Skip to main content
The Similarity workflow computes embeddings from characterization timeseries data and uses them for two purposes: projecting data items into a 2D map for visual comparison, and tracking how similar a live item is to selected reference items over time. Similarity is scoped per workflow type (e.g., RHEED rotating, RHEED stationary) and per organization. Each workflow type has its own embedding space.

Embedding Projection

The embedding pipeline takes characterization timeseries, encodes them into high-dimensional embeddings, and projects those embeddings down to 2D coordinates. The result is a scatter plot where data items with similar characterization profiles appear near each other.When enough data items are available, the pipeline can use a landmark-based projection that scales better to large datasets.The projection refreshes on demand and tracks its status (fresh, updating, stale, or error) so the frontend knows when to show updated coordinates.

Similarity Trajectory

The trajectory pipeline computes how similar a tracked item is to one or more reference items over time.

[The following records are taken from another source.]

Lemma integral_clip_le1 (K : R) (u : T -> R) : 0 <= K ->
  mu.-integrable D (EFin \o u) -> (\int[mu]_(w in D) (u w)%:E <= 0)%E ->
  {ae mu, forall w, D w -> -1 <= u w} ->
  (\int[mu]_(w in D) (clip K (u w))%:E <= 1%:E)%E.
Proof.
move=> K0 iu Iu0 hae.
have mu_ : measurable_fun D u by apply/measurable_EFinP; exact: measurable_int iu.
have mu1 : measurable_fun D (fun w => Num.max (u w) (-1) + 1)%R.
  apply: measurable_funD; last exact: measurable_cst.
  by apply: measurable_maxr => //; exact: measurable_cst.
have i1 : mu.-integrable D (EFin \o cst 1%R).
  apply/integrableP; split; first exact/measurable_EFinP/measurable_cst.
  by under eq_integral do rewrite /= normr1; rewrite integral_cst1 ltry.
apply: (@le_trans _ _ (\int[mu]_(w in D) (Num.max (u w) (-1) + 1)%:E)%E).
  apply: ge0_le_integral => //.
  - by move=> w _; rewrite lee_fin clip_ge0.
  - exact/measurable_EFinP/measurable_clip.
  - exact/measurable_EFinP.
  - by move=> w _; rewrite lee_fin clip_le.
have -> : (\int[mu]_(w in D) (Num.max (u w) (-1) + 1)%:E =
          \int[mu]_(w in D) (u w + 1)%:E)%E.
  apply: ae_eq_integral => //.
  - exact/measurable_EFinP.
  - by apply/measurable_EFinP; apply: measurable_funD => //; exact: measurable_cst.
  - apply: filterS hae => w hw Dw; by rewrite max_l // hw.
rewrite (_ : (fun w => (u w + 1)%:E) = (EFin \o u) \+ (EFin \o cst 1%R)) //.
by rewrite integralD // integral_cst1 -[leRHS]add0e leeD2r.
Qed.

Lemma integral_clip_le_dist (K : R) (u Y : T -> R) : 0 <= K ->
  measurable_fun D u -> measurable_fun D Y ->
  (\int[mu]_(w in D) (clip K (Y w))%:E <=
   \int[mu]_(w in D) (clip K (u w))%:E +
   (K + 1)%:E * \int[mu]_(w in D) (Num.min `|u w - Y w| 1)%:E)%E.
Proof.
move=> K0 mu_ mY.
have md : measurable_fun D (fun w => Num.min `|u w - Y w| 1).
  exact: measurable_dist1.
have md0 w : 0 <= Num.min `|u w - Y w| 1 by rewrite le_min normr_ge0 ler01.
rewrite -ge0_integralZl_EFin ?addr_ge0 //; last exact/measurable_EFinP.
rewrite -ge0_integralD //.
- apply: ge0_le_integral => //.
  + by move=> w _; rewrite lee_fin clip_ge0.
  + exact/measurable_EFinP/measurable_clip.
  + apply: emeasurable_funD; first exact/measurable_EFinP/measurable_clip.
    exact/measurable_funeM/measurable_EFinP.
  + by move=> w _; rewrite -EFinM -EFinD lee_fin clip_lipschitz.
- by move=> w _; rewrite lee_fin clip_ge0.
- exact/measurable_EFinP/measurable_clip.
- by move=> w _; rewrite -EFinM lee_fin mulr_ge0 ?addr_ge0.
- exact/measurable_funeM/measurable_EFinP.
Qed.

It slides a window across the tracked item’s timeseries, encodes each window into an embedding, and compares it against precomputed reference prototypes.Two execution modes are available:
  • Stream: A single incremental update, typically triggered when new data arrives from the RHEED pipeline. Appends one new similarity score to the existing trajectory.
  • Historical: Recomputes the full trajectory by iterating through the entire timeseries. Used when a user initiates a new comparison.
When data items have angle tags (common with RHEED), the pipeline groups comparisons by matching angles so that, for example, a [100] azimuth item is only compared against [100] references.